WORK REQUIRED =>
When you reach the line containing "by move/between_ij; rewrite" in the entries below, start writing out each line exactly, and stop after the line containing "End Pathway.".

PROVIDED RECORDS =>

(* Strong induction along the present indices: with j := next_pres i, both
   walks from gamma_i^e go through gamma_j^s and gamma_j^e, and the segments
   before gamma_j^s are exactly those compared by E and F. *)
Lemma tail_cost_sub_detours i : (i <= K)%N -> pres i ->
  gap_cost c (ref_e gamma i) END (delta i ++ patient_tail i)
  - gap_cost c (ref_e gamma i) END (drop i gamma)
  = \sum_(i <= k < K.+1 | is_detour k) detour_cost k.
Proof.
have [n] := ubnP (K - i); elim: n i => // n IH i lt_n le_iK pres_i.
have [range_j pres_j between_ij] := next_presP le_iK.
have skip_between k : (i < k < next_pres i)%N -> ~~ is_detour k.
  by move/between_ij; rewrite /Defs.is_detour => /negbTE ->.
rewrite (sum_nat_cond_skip _ range_j skip_between).
have -> : (if is_detour i then detour_cost i else 0) = detour_cost i.
  by case: ifPn => // /(detour_cost_eq0 pres_i) ->.
rewrite /E_cost /F_cost; set j := next_pres i in range_j pres_j between_ij *.
have [le_jK | Ej] : (j <= K)%N \/ j = K.+1 by lia.
  have range_j' : (1 <= j <= K)%N by lia.
  have [g [drop_g ref_s_j ref_e_j]] := ref_nodes_at range_j'.
  have present_j : present j by rewrite -pres_present.
  have -> : patient_tail i = g :: delta j ++ patient_tail j.
    rewrite (patient_tail_skip range_j between_ij) (patient_tailS drop_g).
    by rewrite prednK ?present_j //; lia.
  set ref_ij := take (j - i).-1 (drop i gamma).
  have -> : drop i gamma = ref_ij ++ g :: drop j gamma.
    rewrite -[LHS](cat_take_drop (j - i).-1) drop_drop.
    by rewrite (_ : (j - i).-1 + i = j.-1)%N ?drop_g //; lia.
  rewrite -(IH j) //; last by lia.
  by rewrite !gap_cost_cat_cons ref_s_j ref_e_j; ring.
rewrite (patient_tail_skip range_j between_ij) Ej /= patient_tail_end cats0.
rewrite ref_s_end big_geq // addr0 take_oversize // size_drop; lia.
Qed.

End Pathway.

Theorem theorem1 (A : finType) (R : realFieldType)
  (net : rel (node A)) (c : node A -> node A -> R)
  (gamma : seq A) (present : nat -> bool) (delta : nat -> seq A) (M : R) :
  is_network net ->
  (* x* (activity sequence gamma) is a shortest START-END path under c *)
  valid_walk net gamma -> uniq gamma ->
  (forall s, valid_walk net s -> walk_cost c gamma <= walk_cost c s) ->
  (* patient pathway structure *)
  (forall i, (1 <= i <= size gamma)%N -> ~~ present i -> delta i = [::]) ->
  valid_walk net (patient_seq gamma present delta) ->
  (* M(xhat) = max { c^T x : x a START-END walk with ||x||_1 <= ||xhat||_1 } *)
  (exists s, [/\ valid_walk net s,
     (walk_l1 s <= walk_l1 (patient_seq gamma present delta))%N & walk_cost c s = M]) ->
  (forall s, valid_walk net s ->
     (walk_l1 s <= walk_l1 (patient_seq gamma present delta))%N -> walk_cost c s <= M) ->
  M != walk_cost c gamma ->
  1 - (walk_cost c (patient_seq gamma present delta) - walk_cost c gamma)
        / (M - walk_cost c gamma)
  = 1 - \sum_(i <- iota 0 (size gamma).+1 | is_detour gamma present delta i)
          (E_cost gamma present delta c i - F_cost gamma present c i)
            / (M - walk_cost c gamma).
Proof.
move=> _ _ _ _ delta_absent _ _ _ _.
rewrite -mulr_suml !walk_cost_gap patient_seqE.
have := tail_cost_sub_detours c delta_absent (leq0n _) isT.
by rewrite drop0 /index_iota subn0 => ->.
Qed.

ANSWER TO THE EXERCISE =>
  by move/between_ij; rewrite /Defs.is_detour => /negbTE ->.
rewrite (sum_nat_cond_skip _ range_j skip_between).
have -> : (if is_detour i then detour_cost i else 0) = detour_cost i.
  by case: ifPn => // /(detour_cost_eq0 pres_i) ->.
rewrite /E_cost /F_cost; set j := next_pres i in range_j pres_j between_ij *.
have [le_jK | Ej] : (j <= K)%N \/ j = K.+1 by lia.
  have range_j' : (1 <= j <= K)%N by lia.
  have [g [drop_g ref_s_j ref_e_j]] := ref_nodes_at range_j'.
  have present_j : present j by rewrite -pres_present.
  have -> : patient_tail i = g :: delta j ++ patient_tail j.
    rewrite (patient_tail_skip range_j between_ij) (patient_tailS drop_g).
    by rewrite prednK ?present_j //; lia.
  set ref_ij := take (j - i).-1 (drop i gamma).
  have -> : drop i gamma = ref_ij ++ g :: drop j gamma.
    rewrite -[LHS](cat_take_drop (j - i).-1) drop_drop.
    by rewrite (_ : (j - i).-1 + i = j.-1)%N ?drop_g //; lia.
  rewrite -(IH j) //; last by lia.
  by rewrite !gap_cost_cat_cons ref_s_j ref_e_j; ring.
rewrite (patient_tail_skip range_j between_ij) Ej /= patient_tail_end cats0.
rewrite ref_s_end big_geq // addr0 take_oversize // size_drop; lia.
Qed.

End Pathway.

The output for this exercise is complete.